Am I right or wrong in thinking that with interest rates likely to increase again, that a fixed term of a shorter period i.e. Anglo Irish 5.35% over 6 months, would be a better idea that for example PTSB's 20 month period?


----------



## GeneralZod (4 Jul 2008)

As far as I understand it if you believe rates will go up again you need to very carefully weigh whether putting your money into a 20 month fixed rate is the best thing to do. Neither Anglo or Rabo have passed on the latest ECB rise. Assuming they do that and then in another 3 months or so pass on another rise if it happens and if they pass on the full rise on each occasion they'll be at or just above the AER of this product.  That's a couple of ifs. I'm inclined to wait a few weeks to see what happens.


----------



## hoopman (4 Jul 2008)

Thanks for the info GeneralZod, 

I think a mixture of bad eyesight and lack of banking knowledge led to me not seeing all the small print.

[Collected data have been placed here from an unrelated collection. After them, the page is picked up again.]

(* Let $\mathcal{X}, \mathcal{T} \in M_{2^k}(R)$ be two Suslin matrices with $\mathcal{X}\overline{\mathcal{X}} =0$, and let $\mathcal{S} = \begin{pmatrix} a & \mathcal{T}\\ -\overline{\mathcal{T}} & b \end{pmatrix}$. Then \[\begin{pmatrix} 1 & \mathcal{X}\\ 0 & 1 \end{pmatrix} \mathcal{S} \begin{pmatrix} 1 & 0\\ -\overline{\mathcal{X}} & 1 \end{pmatrix} = \begin{pmatrix} a - \langle \mathcal{X},\mathcal{T}\rangle & \mathcal{T} + b\mathcal{X}\\ -\overline{\mathcal{T}} - b\overline{\mathcal{X}} & b \end{pmatrix},\] \[\begin{pmatrix} 1 & 0\\ -\overline{\mathcal{X}} & 1 \end{pmatrix} \mathcal{S} \begin{pmatrix} 1 & \mathcal{X} \\ 0 & 1 \end{pmatrix} = \begin{pmatrix} a & \mathcal{T} + a\mathcal{X}\\ -\overline{\mathcal{T}} -a\overline{\mathcal{X}} & b - \langle \mathcal{X},\mathcal{T}\rangle \end{pmatrix}.\]
   Context: $R$ is a commutative ring, $a,b\in R$. Suslin matrices $\mathcal{S}_{m}(v,w)$ (size $2^m$) for $v=(a_1,\dots,a_{m+1}),w=(b_1,\dots,b_{m+1})\in R^{m+1}$ are defined recursively by $\mathcal{S}_1(v,w)=\begin{pmatrix} a_1 & a_2\\ -b_2 & b_1\end{pmatrix}$, $\overline{\mathcal{S}_1(v,w)}=\begin{pmatrix} b_1 & -a_2\\ b_2 & a_1\end{pmatrix}$, and $\mathcal{S}_{m}(v,w)=\begin{pmatrix} a_1 & \mathcal{S}_{m-1}(v',w')\\ -\overline{\mathcal{S}_{m-1}(v',w')} & b_1\end{pmatrix}$, $\overline{\mathcal{S}_{m}(v,w)}=\begin{pmatrix} b_1 & -\mathcal{S}_{m-1}(v',w')\\ \overline{\mathcal{S}_{m-1}(v',w')} & a_1\end{pmatrix}$ where $v=(a_1,v')$, $w=(b_1,w')$. They satisfy $\mathcal{S}\overline{\mathcal{S}}=\overline{\mathcal{S}}\mathcal{S}=(v\cdot w^\intercal)I$. The bilinear form is $\langle \mathcal{S}_1,\mathcal{S}_2\rangle = \mathcal{S}_1\overline{\mathcal{S}_2}+\mathcal{S}_2\overline{\mathcal{S}_1}$ (a scalar). *)

From HB Require Import structures.
From mathcomp Require Import all_boot all_order all_algebra.
Set Implicit Arguments. Unset Strict Implicit. Unset Printing Implicit Defensive.
Import GRing.Theory.
Local Open Scope ring_scope.

(* Convention: [suslin m v w] is the paper's S_{m+1}(v,w),
   a matrix of size 2^(m+1), for v, w in R^(m+2).  [suslin_bar m v w] is its
   "bar" companion, defined simultaneously by the paper's recursion. *)

Section Suslin.
Variable R : comPzRingType.

Definition rtail n (v : 'rV[R]_n.+1) : 'rV[R]_n := \row_i v 0 (lift ord0 i).

Lemma expS_addn (m : nat) : (2 ^ m.+2 = 2 ^ m.+1 + 2 ^ m.+1)%N.
Proof. by rewrite [(2 ^ m.+2)%N]expnS mul2n -addnn. Qed.

Fixpoint suslin_pair (m : nat) :
  'rV[R]_(m.+2) -> 'rV[R]_(m.+2) -> 'M[R]_(2 ^ m.+1) * 'M[R]_(2 ^ m.+1) :=
  match m return 'rV[R]_(m.+2) -> 'rV[R]_(m.+2) ->
                 'M[R]_(2 ^ m.+1) * 'M[R]_(2 ^ m.+1) with
  | 0 => fun v w =>
      ((\matrix_(i < 2, j < 2)
          if i == ord0 then (if j == ord0 then v 0 ord0 else v 0 ord_max)
          else (if j == ord0 then - w 0 ord_max else w 0 ord0)) : 'M_(2 ^ 1),
       (\matrix_(i < 2, j < 2)
          if i == ord0 then (if j == ord0 then w 0 ord0 else - v 0 ord_max)
          else (if j == ord0 then w 0 ord_max else v 0 ord0)) : 'M_(2 ^ 1))
  | m'.+1 => fun v w =>
      let p := @suslin_pair m' (rtail v) (rtail w) in
      let e := expS_addn m' in
      (castmx (esym e, esym e)
         (block_mx (v 0 ord0)%:M p.1 (- p.2) (w 0 ord0)%:M),
       castmx (esym e, esym e)
         (block_mx (w 0 ord0)%:M (- p.1) p.2 (v 0 ord0)%:M))
  end.

Definition suslin m (v w : 'rV[R]_(m.+2)) := (@suslin_pair m v w).1.
Definition suslin_bar m (v w : 'rV[R]_(m.+2)) := (@suslin_pair m v w).2.

Definition suslin_form (m : nat) (v1 w1 v2 w2 : 'rV[R]_(m.+2)) : 'M[R]_(2 ^ m.+1) :=
  @suslin m v1 w1 *m @suslin_bar m v2 w2 + @suslin m v2 w2 *m @suslin_bar m v1 w1.

End Suslin.
Arguments suslin {R} m v w.
Arguments suslin_bar {R} m v w.
Arguments suslin_form {R} m v1 w1 v2 w2.

From HB Require Import structures.
From mathcomp Require Import all_boot all_order all_algebra.
From mathcomp Require Import ring.
Import GRing.Theory.
Set Implicit Arguments.
Unset Strict Implicit.
Unset Printing Implicit Defensive.
Local Open Scope ring_scope.

(* S Sbar = Sbar S = (v.w) I follows by induction from the block recursion.
   Since S and Sbar are additive in (v, w), polarizing this identity gives
   <S1, S2> = (v1.w2 + v2.w1) I = Sbar1 S2 + Sbar2 S1.  In particular
   X Xbar = 0 forces Xbar X = 0, and the theorem is then a direct block
   computation. *)

Section Suslin.
Variable R : comPzRingType.

Lemma castmx_mul n n' (e : n = n') (A B : 'M[R]_n) :
  castmx (e, e) (A *m B) = castmx (e, e) A *m castmx (e, e) B.
Proof. by case: n' / e; rewrite !castmx_id. Qed.

Lemma castmx_add n n' (e : n = n') (A B : 'M[R]_n) :
  castmx (e, e) (A + B) = castmx (e, e) A + castmx (e, e) B.
Proof. by case: n' / e; rewrite !castmx_id. Qed.

Lemma castmx_scalar n n' (e : n = n') (c : R) :
  castmx (e, e) (c%:M : 'M_n) = c%:M.
Proof. by case: n' / e; rewrite castmx_id. Qed.

Lemma suslinS m (v w : 'rV[R]_m.+3) :
  let e := esym (expS_addn m) in
  suslin m.+1 v w =
    castmx (e, e) (block_mx (v 0 ord0)%:M (suslin m (rtail v) (rtail w))
                            (- suslin_bar m (rtail v) (rtail w)) (w 0 ord0)%:M).
Proof. by []. Qed.

Lemma suslin_barS m (v w : 'rV[R]_m.+3) :
  let e := esym (expS_addn m) in
  suslin_bar m.+1 v w =
    castmx (e, e) (block_mx (w 0 ord0)%:M (- suslin m (rtail v) (rtail w))
                            (suslin_bar m (rtail v) (rtail w)) (v 0 ord0)%:M).
Proof. by []. Qed.

Lemma rtailD n (v v' : 'rV[R]_n.+1) : rtail (v + v') = rtail v + rtail v'.
Proof. by apply/rowP => i; rewrite !mxE. Qed.

Definition vdot n (v w : 'rV[R]_n) := \sum_i v 0 i * w 0 i.

Lemma vdotS n (v w : 'rV[R]_n.+1) :
  vdot v w = v 0 ord0 * w 0 ord0 + vdot (rtail v) (rtail w).
Proof.
by rewrite /vdot big_ord_recl; congr (_ + _); apply: eq_bigr => i _; rewrite !mxE.
Qed.

Lemma vdotDl n (v v' w : 'rV[R]_n) : vdot (v + v') w = vdot v w + vdot v' w.
Proof. by rewrite /vdot -big_split; apply: eq_bigr => i _; rewrite mxE mulrDl. Qed.

Lemma vdotDr n (v w w' : 'rV[R]_n) : vdot v (w + w') = vdot v w + vdot v w'.
Proof. by rewrite /vdot -big_split; apply: eq_bigr => i _; rewrite mxE mulrDr. Qed.

Lemma mul_suslin_block n (a b c : R) (P Q : 'M[R]_n) :
  P *m Q = c%:M -> Q *m P = c%:M ->
  block_mx a%:M P (- Q) b%:M *m block_mx b%:M (- P) Q a%:M = (a * b + c)%:M.
Proof.
move=> PQ QP; rewrite mulmx_block scalar_mx_block !mulNmx !mulmxN opprK PQ QP.
rewrite !mul_scalar_mx !mul_mx_scalar !scale_scalar_mx !addNr.
by rewrite [c%:M + _]addrC [b * a]mulrC -raddfD.
Qed.

Lemma suslin_mul_bar m (v w : 'rV[R]_m.+2) :
  suslin m v w *m suslin_bar m v w = (vdot v w)%:M /\
  suslin_bar m v w *m suslin m v w = (vdot v w)%:M.
Proof.
elim: m v w => [|m IH] v w.
  have last2 (u : 'rV[R]_2) : u 0 (lift ord0 ord0) = u 0 ord_max.
    by congr (u 0 _); apply/val_inj.
  rewrite /suslin /suslin_bar /vdot /=.
  split; apply/matrixP => i j; rewrite !mxE !big_ord_recl !big_ord0 !mxE !last2;
    case: i => [[|[|i]] ?] //; case: j => [[|[|j]] ?] //=; ring.
have [PQ QP] := IH (rtail v) (rtail w).
rewrite suslinS suslin_barS -!castmx_mul vdotS.
split; rewrite -(castmx_scalar (esym (expS_addn m))); congr castmx.
  exact: mul_suslin_block.
(* Sbar is the Suslin block of (b, -P, -Q, a) when S is that of (a, P, Q, b). *)
have := mul_suslin_block (w 0 ord0) (v 0 ord0) (P := - suslin m (rtail v) (rtail w))
  (Q := - suslin_bar m (rtail v) (rtail w)).
by rewrite !mulmxN !mulNmx !opprK mulrC; apply.
Qed.

Lemma suslinD m (v v' w w' : 'rV[R]_m.+2) :
  suslin m (v + v') (w + w') = suslin m v w + suslin m v' w' /\
  suslin_bar m (v + v') (w + w') = suslin_bar m v w + suslin_bar m v' w'.
Proof.
elim: m v v' w w' => [|m IH] v v' w w'.
  by rewrite /suslin /suslin_bar /=; split; apply/matrixP => i j; rewrite !mxE;
    case: ifP => _; case: ifP => _; rewrite ?mxE ?opprD.
have [IHs IHb] := IH (rtail v) (rtail v') (rtail w) (rtail w').
rewrite !suslinS !suslin_barS !rtailD IHs IHb -!castmx_add !add_block_mx.
by rewrite !mxE -!raddfD /= !opprD.
Qed.

Lemma suslin_mul_bar_polar m (v1 w1 v2 w2 : 'rV[R]_m.+2) :
  let d := vdot v1 w2 + vdot v2 w1 in
  suslin m v1 w1 *m suslin_bar m v2 w2 + suslin m v2 w2 *m suslin_bar m v1 w1
    = d%:M /\
  suslin_bar m v1 w1 *m suslin m v2 w2 + suslin_bar m v2 w2 *m suslin m v1 w1
    = d%:M.
Proof.
have [S12 Sb12] := suslin_mul_bar (v1 + v2) (w1 + w2).
have [S1 Sb1] := suslin_mul_bar v1 w1; have [S2 Sb2] := suslin_mul_bar v2 w2.
have [Ds Db] := suslinD v1 v2 w1 w2.
rewrite /= raddfD; split; [move: S12 | move: Sb12];
  rewrite Ds Db !mulmxDl !mulmxDr ?S1 ?S2 ?Sb1 ?Sb2 !vdotDl !vdotDr !raddfD /=;
  move=> E; apply: (@addrI _ ((vdot v1 w1)%:M + (vdot v2 w2)%:M));
  by rewrite [LHS]addrACA [RHS]addrACA !(addrC (vdot v2 w2)%:M).
Qed.

Lemma mul_unitri_block_ul n (a b : R) (X Xb T Tb : 'M[R]_n) :
  X *m Xb = 0 ->
  block_mx 1%:M X 0 1%:M *m block_mx a%:M T (- Tb) b%:M
    *m block_mx 1%:M 0 (- Xb) 1%:M =
  block_mx (a%:M - (X *m Tb + T *m Xb)) (T + b *: X) (- Tb - b *: Xb) b%:M.
Proof.
move=> XXb; rewrite !mulmx_block !(mul1mx, mulmx1, mul0mx, mulmx0, add0r, addr0).
rewrite !mulmxDl !mulmxN !mul_mx_scalar !mul_scalar_mx -scalemxAl XXb scaler0.
by rewrite subr0 opprD addrA.
Qed.

Lemma mul_unitri_block_lu n (a b : R) (X Xb T Tb : 'M[R]_n) :
  Xb *m X = 0 ->
  block_mx 1%:M 0 (- Xb) 1%:M *m block_mx a%:M T (- Tb) b%:M
    *m block_mx 1%:M X 0 1%:M =
  block_mx a%:M (T + a *: X) (- Tb - a *: Xb) (b%:M - (Xb *m T + Tb *m X)).
Proof.
move=> XbX; rewrite !mulmx_block !(mul1mx, mulmx1, mul0mx, mulmx0, add0r, addr0).
rewrite !mulmxDl !mulNmx !mul_mx_scalar !mul_scalar_mx -scalemxAl XbX scaler0 oppr0 sub0r.
congr block_mx; [exact: addrC | exact: addrC |].
by rewrite addrCA addrA addrC -opprD.
Qed.

End Suslin.

Theorem lemma3p3 (R : comPzRingType) (m : nat) (vx wx vt wt : 'rV[R]_(m.+2))
    (a b : R) :
  let X := suslin m vx wx in let Xb := suslin_bar m vx wx in
  let T := suslin m vt wt in let Tb := suslin_bar m vt wt in
  let S := block_mx a%:M T (- Tb) b%:M in
  X *m Xb = 0 ->
  block_mx 1%:M X 0 1%:M *m S *m block_mx 1%:M 0 (- Xb) 1%:M =
    block_mx (a%:M - suslin_form m vx wx vt wt) (T + b *: X)
             (- Tb - b *: Xb) b%:M
  /\
  block_mx 1%:M 0 (- Xb) 1%:M *m S *m block_mx 1%:M X 0 1%:M =
    block_mx a%:M (T + a *: X) (- Tb - a *: Xb)
             (b%:M - suslin_form m vx wx vt wt).
Proof.
move=> X Xb T Tb S XXb; split; first exact: mul_unitri_block_ul.
have XbX : Xb *m X = 0.
  have [XXb_vdot XbX_vdot] := suslin_mul_bar vx wx.
  by rewrite /Xb /X XbX_vdot -XXb_vdot.
have [form_vdot form_bar_vdot] := suslin_mul_bar_polar vx wx vt wt.
by rewrite /suslin_form form_vdot -form_bar_vdot; apply: mul_unitri_block_lu.
Qed.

Maybe i will hold off a bit longer, before committing to fixed.


----------



## declanh (26 Oct 2008)

Was in a branch recently, and this product is no longer on offer - apparently it was withdrawn on October 10th 2008.


----------



## GeneralZod (26 Oct 2008)

Could be wrong, but I thought it was still listed on their web site more recently than that. Deleted from the fixed term list.


----------



## roker (29 Oct 2008)

I noticed in the small print that after the 20 months, they will automatically re-invest the amount into another term account unless you tell them otherwise


----------